First is the managed_disk block, the for_each block can use either a map or a set of strings as input. In our case, because the disk object is already a map we can use it for the loop. We’re using the key (the indexed disk number) to name the disk object, and then the value is the size of the disk so we can use that directly. You can see these referenced in the each.key and each.value references below:
resource "azurerm_managed_disk" "managed_disks" {
for_each = var.data_disks
name = format("${var.vm_name}-DSK-%02d", each.key)
disk_size_gb = each.value
resource_group_name = "my_resource_group"
location = "eastus"
storage_account_type = "Premium_LRS"
create_option = "Emtpy"
}
Then using the local.luns variable we built earlier we can attach each disk.

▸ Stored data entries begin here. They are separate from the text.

Theorem mainTheorem4 (d k : nat) (p : list R) :
  in_simplex d p -> (1 <= k)%nat -> (k <= d - 1)%nat ->
  (exists X, in_Dk k d X /\ entropy (matvec k d X p) = entropy (pi_k k p)) /\
  (forall X, in_Dk k d X -> entropy (pi_k k p) <= entropy (matvec k d X p)).
Proof.
  intros [Hlen [Hnn _]] Hk1 Hkd; split.
  - apply pi_k_attained; [exact Hlen | lia].
  - intros X HX; apply (entropy_pi_k_le_matvec d); [exact Hlen | exact Hnn | lia | exact HX].
Qed.
(* The two children of a node carry distinct points of [K n] close to any
   given point of the node, so [K n] has no isolated point. *)
Lemma K_perfect n : perfect_set d (K n).
Proof.
  intros x [Cx Bx] r Hr.
  destruct (inv_succ_small (Rmin (r / 2) eps)) as [N HN]; [apply Rmin_Rgt_r; lra|].
  set (s := Nat.max N n).
  pose proof (HN s ltac:(lia)). pose proof (Rmin_l (r / 2) eps). pose proof (Rmin_r (r / 2) eps).
  destruct (Bx s ltac:(lia)) as [w [Hl Hin]].
  assert (Hchild : forall b, exists z, K n z /\ in_cball d (stage s (n, w)) z /\
                     in_cball d (stage (S s) (n, b :: w)) z).
  { intros b. destruct (K_meets_node (S s) n (b :: w)) as [z [Kz Hz]]; [lia | cbn [length]; lia|].
    exists z. split; [exact Kz | split; [eapply (cball_sub_incl Hd); [apply stage_child|]|]; exact Hz]. }
  destruct (Hchild false) as [z0 [K0 [B0 C0]]]. destruct (Hchild true) as [z1 [K1 [B1 C1]]].
  assert (Hne : z0 <> z1).
  { intros <-. apply (far_after_irrefl (S s) z0).
    - pose proof (inv_succ_anti s (S s) ltac:(lia)). lra.
    - apply (stage_far (S s) (n, false :: w) (n, true :: w)); auto; try congruence;
        apply in_active; cbn [length]; lia. }
  pose proof (stage_rad s n w ltac:(lia)).
  destruct (classic (z0 = x)) as [->|Hz0].
  - exists z1. pose proof (cball_diam Hd _ _ _ Hin B1). split; [exact K1 | split; [congruence | lra]].
  - exists z0. pose proof (cball_diam Hd _ _ _ Hin B0). split; [exact K0 | split; [exact Hz0 | lra]].
Qed.

Lemma K_cantor n : cantor_set d (K n).
Proof.
  destruct (C_cantor n) as [_ [HC [_ Htd]]].
  split; [|split; [|split]].
  - destruct (K_meets_node n n nil) as [z [Kz _]]; [lia | cbn; lia | exists z; exact Kz].
  - apply compact_closed_inter; [exact HC | apply on_branch_closed].
  - apply K_perfect.
  - intros A HA. apply Htd. intros x Hx. apply HA, Hx.
Qed.
(* Let $n\ge 2$. For $\alpha\in\mathbb{Z}_2^{n-1}$ and a bit $a$, write $\alpha a=(\alpha_0,\dots,\alpha_{n-2},a)\in\mathbb{Z}_2^n$; for $\alpha\in\mathbb{Z}_2^{n-2}$ and bits $a,b$, write $\alpha ab=(\alpha_0,\dots,\alpha_{n-3},a,b)\in\mathbb{Z}_2^n$. Then: (1) for every $\alpha\in\mathbb{Z}_2^{n-1}$, $\max_{\beta,\gamma\in\mathbb{Z}_2^n}\mathrm{adp}^{\mathrm{XR}}_{n-1}(\alpha0,\beta\to\gamma)=\mathrm{adp}^{\mathrm{XR}}_{n-1}(\alpha0,\alpha0\to0)$; (2) for every $\alpha\in\mathbb{Z}_2^{n-2}$, $\max_{\beta,\gamma\in\mathbb{Z}_2^n}\mathrm{adp}^{\mathrm{XR}}_{n-1}(\alpha01,\beta\to\gamma)=\mathrm{adp}^{\mathrm{XR}}_{n-1}(\alpha01,\alpha00\to2^{n-1})$; (3) for every $\alpha\in\mathbb{Z}_2^{n-2}$, $\max_{\beta,\gamma\in\mathbb{Z}_2^n}\mathrm{adp}^{\mathrm{XR}}_{n-1}(\alpha11,\beta\to\gamma)=\mathrm{adp}^{\mathrm{XR}}_{n-1}(\alpha11,\overline{\alpha}00\to2^{n-1})$.
   Context: For $x\in\mathbb{Z}_2^n$ write $x=(x_0,\dots,x_{n-1})$ and identify $x$ with the integer $\sum_{i=0}^{n-1}x_i2^{n-1-i}$, so $x_0$ is the most significant bit; $x+y$, $x-y$, $-x$ are computed modulo $2^n$; $2^{n-1}$ is the vector $(1,0,\dots,0)$. $\oplus$ is bitwise XOR, $\overline{x}=(x_0\oplus1,\dots,x_{m-1}\oplus1)$ is the bitwise complement, and $x\lll r=(x_r,\dots,x_{n-1},x_0,\dots,x_{r-1})$. For $f:(\mathbb{Z}_2^n)^k\to\mathbb{Z}_2^n$, $\mathrm{adp}^f(\alpha_1,\dots,\alpha_k\to\alpha_{k+1})=2^{-kn}\#\{(x_1,\dots,x_k): f(x_1+\alpha_1,\dots,x_k+\alpha_k)=f(x_1,\dots,x_k)+\alpha_{k+1}\}$. For $1\le r\le n-1$, $\mathrm{adp}^{\mathrm{XR}}_r$ denotes $\mathrm{adp}^f$ for $f(x,y)=(x\oplus y)\lll r$. *)

(* Bit vectors of Z_2^n as n-tuples of booleans, x_0 = MSB. *)
From mathcomp Require Import all_boot all_order all_algebra.
Set Implicit Arguments. Unset Strict Implicit. Unset Printing Implicit Defensive.
Import GRing.Theory Num.Theory.

Definition bv (n : nat) := n.-tuple bool.

(* the n-vector whose i-th coordinate is the i-th entry of s (false if absent);
   used for concatenations like alpha a, alpha a b (sizes match exactly when n >= 2) *)
Definition mk (n : nat) (s : seq bool) : bv n := [tuple nth false s i | i < n].

Definition bv2nat (n : nat) (x : bv n) : nat :=
  \sum_(i < n) (tnth x i : nat) * 2 ^ (n.-1 - i).

(* the vector identified with m mod 2^n *)
Definition nat2bv (n : nat) (m : nat) : bv n :=
  [tuple odd (m %/ 2 ^ (n.-1 - i)) | i < n].

Definition bvadd (n : nat) (x y : bv n) : bv n := nat2bv n (bv2nat x + bv2nat y).

Definition bvxor (n : nat) (x y : bv n) : bv n := [tuple tnth x i (+) tnth y i | i < n].

Definition bvnot (n : nat) (x : bv n) : bv n := [tuple ~~ tnth x i | i < n].

Definition bvrotl (n : nat) (r : nat) (x : bv n) : bv n := mk n (rot r x).

Definition bvzero (n : nat) : bv n := nat2bv n 0.

Definition bvmsb (n : nat) : bv n := nat2bv n (2 ^ n.-1).

Definition adp2 (n : nat) (f : bv n -> bv n -> bv n) (a1 a2 a3 : bv n) : rat :=
  (#|[set p : bv n * bv n |
       f (bvadd p.1 a1) (bvadd p.2 a2) == bvadd (f p.1 p.2) a3]|)%:R
  / (2 ^ (2 * n))%:R.

Definition adpXR (n r : nat) (a1 a2 a3 : bv n) : rat :=
  adp2 (fun x y => bvrotl r (bvxor x y)) a1 a2 a3.

From mathcomp Require Import all_boot all_order all_algebra.
From mathcomp Require Import zify.
Import GRing.Theory Num.Theory.

Set Implicit Arguments.
Unset Strict Implicit.
Unset Printing Implicit Defensive.
(* Online gradient descent with a fixed restart schedule (as defined in the context) is a linear forecaster. Consequently, for fixed constants $C>0$, $U>0$, $\sigma>0$, its worst-case expected cumulative squared error $\sup_{\theta_{1:n}}\mathbb{E}\big[\sum_{t=1}^n(x_t-\theta_t)^2\big]$, the supremum being over $\theta_{1:n}\in\mathrm{TV}(C)$ with $|\theta_1|\le U$, is at least $\tilde\Omega(\sqrt n)$ as $n\to\infty$, whatever the restart schedule and step sizes.
   Context: Setting: $y_t=\theta_t+Z_t$ with $Z_1,\dots,Z_n$ independent zero-mean $\sigma$-subgaussian noise; the forecaster outputs $x_t$ based on $y_1,\dots,y_{t-1}$ only. $\mathrm{TV}(C)=\{\theta_{1:n}:\sum_{i=2}^n|\theta_i-\theta_{i-1}|\le C\}$. A linear forecaster is one whose predictions satisfy $x_t=\sum_{s<t}a_{t,s}y_s$ for a fixed, data-independent array of coefficients $a_{t,s}$. Online gradient descent (OGD) with a fixed restart schedule: the time axis $1,\dots,n$ is partitioned into consecutive blocks by a schedule fixed in advance; at the start of each block the iterate is reset to a fixed linear combination of past observations (e.g. $0$ or the previous observation), and within a block it is updated by $x_{t+1}=x_t-\eta_t\cdot 2(x_t-y_t)$ (the stochastic gradient of the loss $(x-\theta_t)^2$) with fixed, data-independent step sizes $\eta_t$. $\tilde\Omega$ hides logarithmic factors in $n$. *)

From mathcomp Require Import all_boot all_order all_algebra.
From mathcomp Require Import all_classical all_reals all_analysis.
Set Implicit Arguments. Unset Strict Implicit. Unset Printing Implicit Defensive.
Import Order.TTheory GRing.Theory Num.Theory.
Local Open Scope classical_set_scope.
Local Open Scope ring_scope.
Local Open Scope ereal_scope.
Local Open Scope ring_scope.

(* Time is indexed 0,1,...,n-1 (paper: 1,...,n).  Observations y : nat -> R. *)

Definition is_linear_forecaster (R : realType)
    (F : (nat -> R) -> nat -> R) : Prop :=
  exists a : nat -> nat -> R, forall (y : nat -> R) (t : nat),
    F y t = \sum_(s < t) a t s * y s.

(* Online gradient descent with a fixed restart schedule.
   - [restart t] : a new block starts at time t (time 0 always starts a block);
   - [r t s]     : at a block start t, the iterate is reset to the fixed
                   linear combination sum_{s<t} r t s * y_s (at t = 0 this is 0);
   - [eta t]     : fixed step sizes; within a block
                   x_{t+1} = x_t - eta_t * 2 (x_t - y_t). *)
Fixpoint ogd (R : realType) (restart : nat -> bool) (r : nat -> nat -> R)
    (eta : nat -> R) (y : nat -> R) (t : nat) : R :=
  match t with
  | 0 => 0
  | t'.+1 =>
      if restart t'.+1 then \sum_(s < t'.+1) r t'.+1 s * y s
      else ogd restart r eta y t' - eta t' * (2 * (ogd restart r eta y t' - y t'))
  end.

Notice that we can reference each managed disk by using managed_disks[each.key], and then in order to map the correct lun to each disk, we just use the lookup function on the luns variable we create to assign the lun based on the disk name we generate with our format function:
resource "azurerm_virtual_machine_data_disk_attachment" "disk_attach" {
for_each = azurerm_managed_disk.managed_disks
virtual_machine_id = var.vm_id
managed_disk_id = azurerm_managed_disk.managed_disks[each.key].id
caching = "ReadWrite"
lun = lookup(local.luns, format("${var.vm_name}-DSK-%02d", each.key))
}
And then if needed, you can use a regular for loop to generate a map of your disk ids as outputs:
output "vm_managed_disk_ids" {
description = "The id(s) of the data disks attached to the VM"
value = {
for k, disk-id in azurerm_managed_disk.managed_disks : k => disk-id.id
}
}
Final configuration #
I mentioned this earlier on, but as it’s currently configured your configuration could error out if you want to build a VM with no additional disks. This can be fixed by reassigning the data_disks variable locally with an if statement, and then adding another on the disks_attach resource block in case there are no managed_disks created.
This is my final config for the example:
locals {
data_disks = var.vm_data_disks == null ? {} : var.vm_data_disks
lun_map = [for key, value in local.data_disks : {
datadisk_name = format("${var.vm_name}-DSK-%02d", key)
lun = tonumber(key)
}]
luns = { for k in local.lun_map : k.datadisk_name => k.lun}
}
resource "azurerm_managed_disk" "managed_disks" {
for_each = var.data_disks
name = format("${var.vm_name}-DSK-%02d", each.key)
disk_size_gb = each.value
resource_group_name = "my_resource_group"
location = "eastus"
storage_account_type = "Premium_LRS"
create_option = "Emtpy"
}
resource "azurerm_virtual_machine_data_disk_attachment" "disk_attach" {
for_each = length(azurerm_managed_disk.managed_disks) < 1 ? {} : azurerm_managed_disk.managed_disks
virtual_machine_id = var.vm_id
managed_disk_id = azurerm_managed_disk.managed_disks[each.key].id
caching = "ReadWrite"
lun = lookup(local.luns, format("${var.vm_name}-DSK-%02d", each.key))
}
Additional Notes #
After some additional testing with different configurations, it looks like you can get away with changing the LUN number on a disk after it’s created and attached. This does destroy and recreate the disk_attachment object, but this appears to be transparent if you are connected to the VM when it occurs. The VM does not restart and no data is lost on the disk.
This means you could just dynamically assign the LUN using a dynamically generated index number if you need to, though in my use case I prefer them not to change.